Updated

Happy Valentine's Day! You've got a computer virus!

IT managers around the world braced themselves Thursday for an expected onslaught of romantic "e-cards" surreptitiously carrying the nastiest virus around: the Storm Worm.

"Once the user clicks on the [e-mail] link, malware is downloaded to the Internet-connected device and causes it to become infected and part of the Storm Worm botnet," warns a public alert posted on the FBI's Web site Monday.

• Click here to visit FOXNews.com's Cybersecurity Center.

"The Storm Worm virus has capitalized on various holidays in the last year by sending millions of e-mails advertising an e-card link within the text of the spam e-mail," says the FBI. "Valentine's Day has been identified as the next target."

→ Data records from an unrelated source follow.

(* Let $G$ be a cop-win graph of corner rank $\alpha$. Every vertex of corner rank $k>1$ has at least one neighbor of corner rank $k-1$. In particular, if for some $k<\alpha$ there is exactly one vertex $v$ of corner rank $k$, then $v$ is adjacent to every vertex of corner rank $k+1$.
   Context: All graphs are finite, nonempty, and reflexive (every vertex has a loop). $N[v]$ is the closed neighborhood of $v$ (including $v$). For distinct $v,w$, $w$ strictly corners $v$ if $N[v]\subsetneq N[w]$; $v$ is then a strict corner. Corner ranking: set $G^{(1)}=G$, $k=1$. If $G^{(k)}$ is a clique, give all its vertices rank $k$ and stop. Else if $G^{(k)}$ has no strict corners, give all its vertices rank $\infty$ and stop. Else give every strict corner of $G^{(k)}$ rank $k$, delete them to get $G^{(k+1)}$ (induced subgraph), increase $k$ and repeat. The corner rank of $G$ is the largest rank of a vertex; cop-win graphs are exactly those of finite corner rank. Standing assumption: $\alpha\ge 2$. *)

From mathcomp Require Import all_boot.
Set Implicit Arguments. Unset Strict Implicit. Unset Printing Implicit Defensive.

(* A finite reflexive graph: vertex type T : finType, adjacency e : rel T,
   assumed reflexive and symmetric (hypotheses of the theorem). *)
Section CornerRank.
Variables (T : finType) (e : rel T).

Definition nbhd (S : {set T}) (v : T) : {set T} := [set u in S | e v u].

Definition is_clique (S : {set T}) : bool :=
  [forall x in S, forall y in S, e x y].

Definition strict_corner (S : {set T}) (v : T) : bool :=
  (v \in S) && [exists w in S, (w != v) && (nbhd S v \proper nbhd S w)].

Definition corners (S : {set T}) : {set T} := [set v | strict_corner S v].

(* If there are no strict corners the set is unchanged forever, so its
   vertices are never removed (rank infinity). *)
Definition rank_step (S : {set T}) : {set T} :=
  if is_clique S then set0 else S :\: corners S.

(* G^(k+1) (the graph at round k+1, as a vertex set) *)
Definition stage (k : nat) : {set T} := iter k rank_step setT.

Definition has_rank (v : T) (k : nat) : Prop :=
  0 < k /\ v \in stage k.-1 /\ v \notin stage k.

Definition cop_win : Prop := forall v, exists k, has_rank v k.

Definition corner_rank_of_graph (alpha : nat) : Prop :=
  (exists v, has_rank v alpha) /\ (forall v k, has_rank v k -> k <= alpha).

End CornerRank.

From mathcomp Require Import all_boot.
Set Implicit Arguments.
Unset Strict Implicit.
Unset Printing Implicit Defensive.

(* Suppose v survives the round G^(k) -> G^(k+1) but is removed at the next
   round, and v has no neighbour among the vertices removed at round k.  Then
   the neighbourhood of v is the same in G^(k) and in G^(k+1).  If v is a strict
   corner of G^(k+1), the vertex cornering it there also corners it in G^(k).
   If instead G^(k+1) is a clique, then a vertex m of G^(k) with a maximal
   neighbourhood above that of a removed corner u survives, sees all of the
   clique G^(k+1) and also u, so it corners v in G^(k).  Either way v would
   have been removed at round k.  Symmetry of adjacency then gives the second
   claim: a vertex of rank k+1 has a neighbour of rank k, necessarily v. *)

Section RankStep.
Variables (T : finType) (e : rel T).

Lemma nbhdS (S S' : {set T}) v : S' \subset S -> nbhd e S' v \subset nbhd e S v.
Proof.
by move=> sS'S; apply/subsetP => x /setIdP[xS' evx]; rewrite inE (subsetP sS'S).
Qed.

Lemma nbhd_subset_eq (S S' : {set T}) v : S' \subset S ->
  (forall x, x \in S -> x \notin S' -> ~~ e v x) -> nbhd e S v = nbhd e S' v.
Proof.
move=> sS'S far; apply/eqP; rewrite eqEsubset (nbhdS _ sS'S) andbT.
apply/subsetP => x /setIdP[xS evx]; rewrite inE evx andbT.
by apply: contraTT evx; apply: far.
Qed.

Lemma proper_nbhd_strict_corner (S : {set T}) v w :
  v \in S -> w \in S -> nbhd e S v \proper nbhd e S w -> strict_corner e S v.
Proof.
move=> vS wS vw; rewrite /strict_corner vS; apply/exists_inP; exists w => //.
by rewrite vw andbT; apply: contraTneq vw => ->; rewrite properxx.
Qed.

Lemma rank_stepE (S : {set T}) : ~~ is_clique e S -> rank_step e S = S :\: corners e S.
Proof. by rewrite /rank_step => /negbTE ->. Qed.

Lemma noncorner_dominates (S : {set T}) u : u \in S ->
  exists2 m, m \in S :\: corners e S & nbhd e S u \subset nbhd e S m.
Proof.
move=> uS; pose P m := (m \in S) && (nbhd e S u \subset nbhd e S m).
have Pu : P u by rewrite /P uS subxx.
case: (arg_maxnP (fun m => #|nbhd e S m|) Pu) => m /andP[mS um] maxm.
exists m => //; rewrite in_setD mS andbT inE.
apply/negP => /andP[_ /exists_inP[w wS /andP[_ mw]]].
have /maxm : P w by rewrite /P wS (subset_trans um (proper_sub mw)).
by rewrite /= leqNgt proper_card.
Qed.

Hypothesis e_refl : reflexive e.

Lemma removed_next_has_removed_neighbour (S : {set T}) v :
  v \in rank_step e S -> v \notin rank_step e (rank_step e S) ->
  exists w, e v w /\ w \in S :\: rank_step e S.
Proof.
have [cS|ncS] := boolP (is_clique e S); first by rewrite /rank_step cS in_set0.
rewrite (rank_stepE ncS); set S' := S :\: corners e S => vS' vN.
have sS'S : S' \subset S by apply: subsetDl.
have [vnc vS] : v \notin corners e S /\ v \in S by apply/andP; rewrite -in_setD.
have [/exists_inP[w wS evw] | /exists_inPn far] := boolP [exists w in S :\: S', e v w].
  by exists w.
have nvE : nbhd e S v = nbhd e S' v.
  by apply: nbhd_subset_eq => // x xS xS'; apply: far; rewrite in_setD xS xS'.
suff [w wS vw] : exists2 w, w \in S & nbhd e S v \proper nbhd e S w.
  by move: vnc; rewrite inE (proper_nbhd_strict_corner vS wS vw).
rewrite nvE; have [cS'|ncS'] := boolP (is_clique e S').
- have [u uS uS'] : exists2 u, u \in S & u \notin S'.
    apply/exists_inP; apply: contraNT ncS => /exists_inPn sSS'.
    have S'E : S' = S.
      by apply/eqP; rewrite eqEsubset sS'S; apply/subsetP => x /sSS'/negbNE.
    by rewrite -S'E cS'.
  have [m mS' um] := noncorner_dominates uS.
  have cl x y : x \in S' -> y \in S' -> e x y.
    by move=> xS' yS'; move/forall_inP: cS' => /(_ x xS') /forall_inP; apply.
  exists m; first exact: (subsetP sS'S).
  apply/properP; split.
    by apply/subsetP => x /setIdP[xS' _]; rewrite inE (subsetP sS'S) // cl.
  by exists u; [apply: (subsetP um); rewrite inE uS e_refl | rewrite inE (negbTE uS')].
- move: vN; rewrite (rank_stepE ncS') in_setD vS' andbT inE negbK.
  case/andP=> _ /exists_inP[w wS' /andP[_ vw]].
  by exists w; [exact: (subsetP sS'S) | exact: proper_sub_trans vw (nbhdS _ sS'S)].
Qed.

Lemma has_rank_neighbour v k :
  has_rank e v k.+2 -> exists w, e v w /\ has_rank e w k.+1.
Proof.
case=> _ [vk vNk]; have [w [evw]] := removed_next_has_removed_neighbour vk vNk.
by rewrite in_setD => /andP[wNk wk]; exists w.
Qed.

End RankStep.

Theorem corollary3p17 (T : finType) (e : rel T) (alpha : nat)
  (hne : 0 < #|T|) (hrefl : reflexive e) (hsym : symmetric e)
  (hcop : cop_win e) (halpha : corner_rank_of_graph e alpha)
  (halpha2 : 2 <= alpha) :
  (forall (v : T) (k : nat), has_rank e v k -> 1 < k ->
     exists w : T, e v w /\ has_rank e w k.-1) /\
  (forall (k : nat) (v : T), k < alpha -> has_rank e v k ->
     (forall u : T, has_rank e u k -> u = v) ->
     forall w : T, has_rank e w k.+1 -> e v w).
Proof.
have lower_neighbour v k : has_rank e v k -> 1 < k -> exists w, e v w /\ has_rank e w k.-1.
  by case: k => [|[|k]] // vk _; exact: has_rank_neighbour hrefl _ _ vk.
split=> // k v _ [k_gt0 vk] v_unique w wk1.
have [u [ewu uk]] := lower_neighbour w k.+1 wk1 k_gt0.
by rewrite -(v_unique u uk) hsym.
Qed.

Haven't heard of the Storm Worm? That's because it hasn't "struck" yet, even though researchers first noticed it more than a year ago after it cropped up in e-mails showing photos of damage from European windstorms in January 2007.

Since then, it's steadily infected an estimated 10 million Windows-based PCs around the world, all under the command of unknown "bot herders" who've silently fashioned them into a "zombie army" or "botnet" — a massive network of "enslaved" PCs awaiting the signal to launch a cyberattack.

Problem is, that attack hasn't yet come, and no one besides its creators really knows what the Storm Worm botnet is meant for.

It could be a Russian military project against the West, but many experts figure it's actually a criminal enterprise being rented out piecemeal to e-mail spammers.

What is known for sure is that the Storm Worm and its botnet are extraordinarily resilient and adaptive.

The worm itself constatly mutates to avoid detection by security software, and the botnet has mounted minor defensive attacks upon security companies that have tried to dislodge it.